Last fortnight this was one of the more prevalent yarns doing the rounds of trading shops in and around Dalal Street. The "man" is none other than the foreign institutional investor (FII), and the villagers are of course humble retail investors. The "monkeys" are Indian stocks, but you can safely interpret that the biggest monkeys are the small investors. It's a harsh tale whose origins could probably be traced back to a bitter punter who lost his shirt when the benchmark BSE Sensex crashed 22 per cent in just 10 days. The FIIs took out roughly $1.5 billion (Rs 6,750 crore) in those 10 eventful days, after the US Fed hiked interest rates for the 16th consecutive quarter, by 0.25 per cent to 5 per cent. For traders deluded by the $4.1 billion (Rs 18,476 crore) FII inflows into Indian equities in the first four months of 2006, the correction came as a painful bolt from the not-so-distant blue.

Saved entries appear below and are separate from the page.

(* Let $\mathcal A=\mathcal A_1\times\cdots\times\mathcal A_m$ be a finite tree multi-algebra, let $\mathtt A$ be a plenary anti-tree structure of $\mathcal A$, and let $B$ be a basic relation of $\mathcal A$. If $B_\ell\subseteq\Rsh_k^\ell B_k$ for all distinct $k,\ell$ such that $k\to\ell$ is an edge of $\mathtt A$, then $B$ is closed under projection, i.e. $B_j\subseteq\Rsh_i^jB_i$ for all distinct $i,j\in\{1,\dots,m\}$.
   Context: A finite non-associative algebra is a tuple $(\mathcal A,\cup,\neg,\emptyset,\mathcal B,\diamond,\overline{\cdot},e)$ where $(\mathcal A,\cup,\neg,\emptyset,\mathcal B)$ is a finite Boolean algebra and for all $x,y,z$: $\overline{\overline x}=x$, $\overline{x\cup y}=\overline x\cup\overline y$, $\overline{x\diamond y}=\overline y\diamond\overline x$, $e\diamond x=x\diamond e=x$, $x\diamond(y\cup z)=(x\diamond y)\cup(x\diamond z)$, $(x\diamond y)\cap\overline z=\emptyset\iff(y\diamond z)\cap\overline x=\emptyset$. $r\subseteq r'$ means $r\cup r'=r'$; atoms are basic relations; $\mathsf B_i$ is the set of atoms of $\mathcal A_i$. A projection operator from $\mathcal A$ to $\mathcal A'$ is a map $\Rsh$ with $\Rsh(r\cup r')=\Rsh r\cup\Rsh r'$ and $\Rsh\overline r=\overline{\Rsh r}$. A finite multi-algebra is a product $\mathcal A_1\times\cdots\times\mathcal A_m$ of finite non-associative algebras with projection operators $\Rsh_i^j:\mathcal A_i\to\mathcal A_j$ for all distinct $i,j$. A relation $R=(R_1,\dots,R_m)$ is basic if all $R_i$ are atoms; it is closed under projection if $R_j\subseteq\Rsh_i^jR_i$ for all distinct $i,j$. The inverse projection $\check\Rsh_i^j:\mathcal A_j\to\mathcal A_i$ of $\Rsh_i^j$ is the projection operator defined by: for all $b\in\mathsf B_i$, $b'\in\mathsf B_j$, $b\subseteq\check\Rsh_i^jb'\iff b'\subseteq\Rsh_i^jb$. An anti-tree structure on a set $V$ is a directed graph $(V,E)$ with a root $r\in V$ such that every $v\neq r$ has exactly one directed path from $v$ to $r$; write $v\to v'$ for $(v,v')\in E$. A plenary anti-tree structure of $\mathcal A$ is an anti-tree structure $\mathtt A$ on $\{1,\dots,m\}$ such that for all distinct $i,j$, letting $i=k_0\to\cdots\to k_s\leftarrow\cdots\leftarrow k_{s+t+1}=j$ be the shortest oriented chain between $i$ and $j$ in $\mathtt A$, every $b\in\mathsf B_i$ satisfies $\Rsh_i^jb\supseteq\check\Rsh_j^{k_{s+t}}\cdots\check\Rsh_{k_{s+1}}^{k_s}\Rsh_{k_{s-1}}^{k_s}\cdots\Rsh_i^{k_1}b$ (compositions of maps). $\mathcal A$ is a tree multi-algebra if it has a plenary anti-tree structure. *)

From HB Require Import structures.
From mathcomp Require Import all_boot.
Set Implicit Arguments. Unset Strict Implicit. Unset Printing Implicit Defensive.

(* A finite Boolean algebra is represented (up to isomorphism) as the powerset
   {set T} of its finite set T of atoms; union = :|:, complement = ~:,
   empty = set0, top = setT, r \subset r' is r :|: r' = r'. *)

Definition is_atom (T : finType) (r : {set T}) : Prop :=
  r != set0 /\ forall r' : {set T}, r' \subset r -> r' = set0 \/ r' = r.

Record naAlg := NaAlg {
  carrier : finType;
  comp : {set carrier} -> {set carrier} -> {set carrier};
  conv : {set carrier} -> {set carrier};
  unit_e : {set carrier};
  conv_invol : forall x, conv (conv x) = x;
  conv_union : forall x y, conv (x :|: y) = conv x :|: conv y;
  conv_comp : forall x y, conv (comp x y) = comp (conv y) (conv x);
  comp_e_l : forall x, comp unit_e x = x;
  comp_e_r : forall x, comp x unit_e = x;
  comp_union_r : forall x y z, comp x (y :|: z) = comp x y :|: comp x z;
  comp_cycle : forall x y z,
    (comp x y :&: conv z == set0) = (comp y z :&: conv x == set0)
}.

Definition is_projection (A A' : naAlg)
  (f : {set carrier A} -> {set carrier A'}) : Prop :=
  (forall r r', f (r :|: r') = f r :|: f r') /\
  (forall r, f (conv r) = conv (f r)).

(* Inverse projection of f : A_i -> A_j, as a map A_j -> A_i:
   the union-preserving map with, for atoms [set b], [set b'],
   [set b] \subset invproj f [set b'] <-> [set b'] \subset f [set b]. *)
Definition invproj (Ti Tj : finType) (f : {set Ti} -> {set Tj})
  (r : {set Tj}) : {set Ti} :=
  [set b | [exists b' in r, b' \in f [set b]]].

Definition anti_tree (m : nat) (E : rel 'I_m) (r : 'I_m) : Prop :=
  forall v : 'I_m, v != r ->
    exists! p : seq 'I_m, path E v p /\ last v p = r.

Fixpoint chain_map (m : nat) (S : 'I_m -> finType)
  (F : forall x y : 'I_m, {set S x} -> {set S y}) (x : 'I_m) (ks : seq 'I_m)
  : {set S x} -> {set S (last x ks)} :=
  match ks return {set S x} -> {set S (last x ks)} with
  | [::] => fun r => r
  | y :: ks' => fun r => chain_map F ks' (F x y r)
  end.

(* An oriented chain
   i = k_0 -> ... -> k_s <- ... <- k_n = j is given by the upward list
   us = [k_1..k_s] (path E i us) and the downward list ds = [k_{s+1}..k_n]
   (each k_{a+1} -> k_a); its length is size us + size ds. *)
Definition plenary (m : nat) (A : 'I_m -> naAlg)
  (P : forall i j : 'I_m, {set carrier (A i)} -> {set carrier (A j)})
  (E : rel 'I_m) : Prop :=
  forall (i : 'I_m) (us ds : seq 'I_m),
    i != last (last i us) ds ->
    path E i us ->
    path (fun x y => E y x) (last i us) ds ->
    (forall us' ds' : seq 'I_m,
        path E i us' ->
        path (fun x y => E y x) (last i us') ds' ->
        last (last i us') ds' = last (last i us) ds ->
        size us + size ds <= size us' + size ds') ->
    forall b : {set carrier (A i)}, is_atom b ->
      chain_map (S := fun k => carrier (A k))
                (fun x y => invproj (P y x)) ds
                (chain_map (S := fun k => carrier (A k)) P us b)
      \subset P i (last (last i us) ds) b.

(* Plenarity bounds P i j b from below by the projections up a shortest
   oriented chain i -> ... -> k_s <- ... <- j followed by the inverse
   projections back down, so it suffices to follow B i along that composite.
   Going up, an edge k -> l gives B l \subset P k l (B k), and projections are
   monotone.  Going down, the same inclusion for an edge l -> k reads, on
   atoms, B l \subset invproj (P l k) (B k).  Shortest chains exist because
   every vertex has a path to the root. *)
From Stdlib Require Import Classical.
From HB Require Import structures.
From mathcomp Require Import all_boot.

Set Implicit Arguments.
Unset Strict Implicit.
Unset Printing Implicit Defensive.

Lemma is_atom_set1 (T : finType) (r : {set T}) :
  is_atom r -> exists b, r = [set b].
Proof.
case=> /set0Pn[b rb] min_r; exists b.
have [|/setP/(_ b)|//] := min_r [set b]; first by rewrite sub1set.
by rewrite !inE eqxx.
Qed.

Lemma projection_subset (A A' : naAlg) (f : {set carrier A} -> {set carrier A'})
    (X Y : {set carrier A}) :
  is_projection f -> X \subset Y -> f X \subset f Y.
Proof. by case=> fU _ /setUidPr <-; rewrite fU subsetUl. Qed.

Lemma invproj_atom_subset (Ti Tj : finType) (f : {set Ti} -> {set Tj})
    (r : {set Ti}) (r' X : {set Tj}) :
  is_atom r -> is_atom r' -> r' \subset f r -> r' \subset X ->
  r \subset invproj f X.
Proof.
move=> /is_atom_set1[b ->] /is_atom_set1[b' ->].
rewrite !sub1set => b'_fb b'X; rewrite inE.
by apply/existsP; exists b'; rewrite b'X.
Qed.

Lemma last_sub_chain_map (m : nat) (S : 'I_m -> finType)
    (F : forall x y : 'I_m, {set S x} -> {set S y}) (R : rel 'I_m)
    (B : forall x : 'I_m, {set S x}) :
  (forall x y (X : {set S x}), R x y -> B x \subset X -> B y \subset F x y X) ->
  forall x ks (X : {set S x}), path R x ks -> B x \subset X ->
    B (last x ks) \subset chain_map F ks X.
Proof.
move=> F_step x ks; elim: ks x => [|y ks IH] x X //= /andP[Rxy path_ks] BX.
exact/IH/F_step.
Qed.

Lemma ex_argmin (T : Type) (Q : T -> Prop) (f : T -> nat) :
  (exists x, Q x) -> exists2 x, Q x & forall y, Q y -> f x <= f y.
Proof.
case=> x; elim: {x}(f x).+1 {-2}x (ltnSn (f x)) => // n IH x fx Qx.
have [[y Qy fyx] | no_smaller] := classic (exists2 y, Q y & f y < f x).
  exact: (IH y (leq_trans fyx fx)).
exists x => // y Qy; rewrite leqNgt; apply/negP => fyx.
by apply: no_smaller; exists y.
Qed.

Definition oriented_chain (m : nat) (E : rel 'I_m) (i j : 'I_m)
    (us ds : seq 'I_m) : Prop :=
  [/\ path E i us, path (fun x y => E y x) (last i us) ds
    & last (last i us) ds = j].

Section AntiTree.

Variables (m : nat) (E : rel 'I_m) (root : 'I_m).
Hypothesis tree : anti_tree E root.

Lemma anti_tree_path_to_root (x : 'I_m) :
  exists p, path E x p /\ last x p = root.
Proof.
have [-> | x_root] := eqVneq x root; first by exists [::].
by have [p [p_root _]] := tree x_root; exists p.
Qed.

(* A loop could be inserted into the unique path to the root. *)
Lemma anti_tree_irreflexive (v : 'I_m) : v != root -> irreflexive E.
Proof.
move=> v_root x; apply/negbTE/negP.
have same_size w p q : w != root -> path E w p -> last w p = root ->
    path E w q -> last w q = root -> size p = size q.
  move=> w_root pw lp qw lq; have [r [_ r_uniq]] := tree w_root.
  by rewrite -(r_uniq p (conj pw lp)) -(r_uniq q (conj qw lq)).
have [-> Err | x_root Exx] := eqVneq x root.
  have [p [pv lv]] := anti_tree_path_to_root v.
  have := same_size v p (rcons p root) v_root pv lv.
  rewrite rcons_path pv lv Err last_rcons size_rcons.
  by move=> /(_ erefl erefl)/n_Sn.
have [p [px lx]] := anti_tree_path_to_root x.
have := same_size x p (x :: p) x_root px lx; rewrite /= Exx px lx.
by move=> /(_ erefl erefl)/n_Sn.
Qed.

Lemma oriented_chain_exists (i j : 'I_m) :
  exists us ds, oriented_chain E i j us ds.
Proof.
have [us [up lu]] := anti_tree_path_to_root i.
have [ps [pj lp]] := anti_tree_path_to_root j.
exists us, (rev (belast j ps)); split=> //.
  by rewrite lu -lp rev_path.
rewrite lu; case: ps pj lp => [|y ps] //= _ <-.
by rewrite rev_cons last_rcons.
Qed.

Lemma shortest_oriented_chain (i j : 'I_m) :
  exists us ds, oriented_chain E i j us ds /\
    forall us' ds', oriented_chain E i j us' ds' ->
      size us + size ds <= size us' + size ds'.
Proof.
have [|[us ds] chain shortest] :=
  @ex_argmin _ (fun c => oriented_chain E i j c.1 c.2)
            (fun c => size c.1 + size c.2).
  by have [us [ds chain]] := oriented_chain_exists i j; exists (us, ds).
by exists us, ds; split=> // us' ds' chain'; apply: (shortest (us', ds')).
Qed.

End AntiTree.

Theorem lemma5p11 (m : nat) (A : 'I_m -> naAlg)
  (P : forall i j : 'I_m, {set carrier (A i)} -> {set carrier (A j)})
  (HP : forall i j : 'I_m, i != j -> is_projection (P i j))
  (E : rel 'I_m) (root : 'I_m)
  (Htree : anti_tree E root)
  (Hplen : plenary P E)
  (B : forall i : 'I_m, {set carrier (A i)})
  (HB : forall i : 'I_m, is_atom (B i))
  (Hedge : forall k l : 'I_m, k != l -> E k l -> B l \subset P k l (B k)) :
  forall i j : 'I_m, i != j -> B j \subset P i j (B i).
Proof.
move=> i j ij.
have [v v_root] : exists v, v != root.
  by have [<- | ] := eqVneq i root; [exists j; rewrite eq_sym | exists i].
have neq_of_edge x y : E x y -> x != y.
  by apply: contraTneq => ->; rewrite (anti_tree_irreflexive Htree v_root).
have [us [ds [[up down lj] shortest]]] := shortest_oriented_chain Htree i j.
subst j.
apply: subset_trans (Hplen i us ds ij up down _ (B i) (HB i)); last first.
  by move=> us' ds' up' down' last'; apply: shortest.
apply: (last_sub_chain_map _ down) => [x y X Eyx BX|].
  exact: invproj_atom_subset (HB y) (HB x) (Hedge _ _ (neq_of_edge _ _ Eyx) Eyx) BX.
apply: (last_sub_chain_map _ up (subxx _)) => x y X Exy BX.
have xy := neq_of_edge _ _ Exy.
exact: subset_trans (Hedge _ _ xy Exy) (projection_subset (HP _ _ xy) BX).
Qed.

It shouldn't have. As Uday Kotak, Vice Chairman & Managing Director, Kotak Mahindra Group, says: "Just as we like them (the FIIs) to put money in, we should be prepared that some of it can go out." If you look at the correction as just a technical phenomenon-and not as one which resulted in a few traders falling off buildings-it was welcome and overdue. The meltdown in no way signals the end of the rally. "A huge middle class and rising income levels augur well for our economy," chips in Gautam Singhania, CMD, Raymond Ltd.

What the free fall did do was to reveal the dark side of excess. This is reflected in the Sensex forward p-e (price-earnings) ratio, which, at over 14 at its peak, made India the most expensive amongst emerging markets. As Stephen Roach, Chief Economist, Morgan Stanley, says: "India has a great fundamental story. But I am afraid the markets got ahead of themselves in discounting this story. The excesses should come out of many asset markets. Purging the excesses of the Indian equity market will be a part of that process." Translated that could well mean an ebb in multi-billion FII inflows. Those salted away domestic rupees could, in the long run, provide more stability than sizzling greenbacks that move out faster than they come in.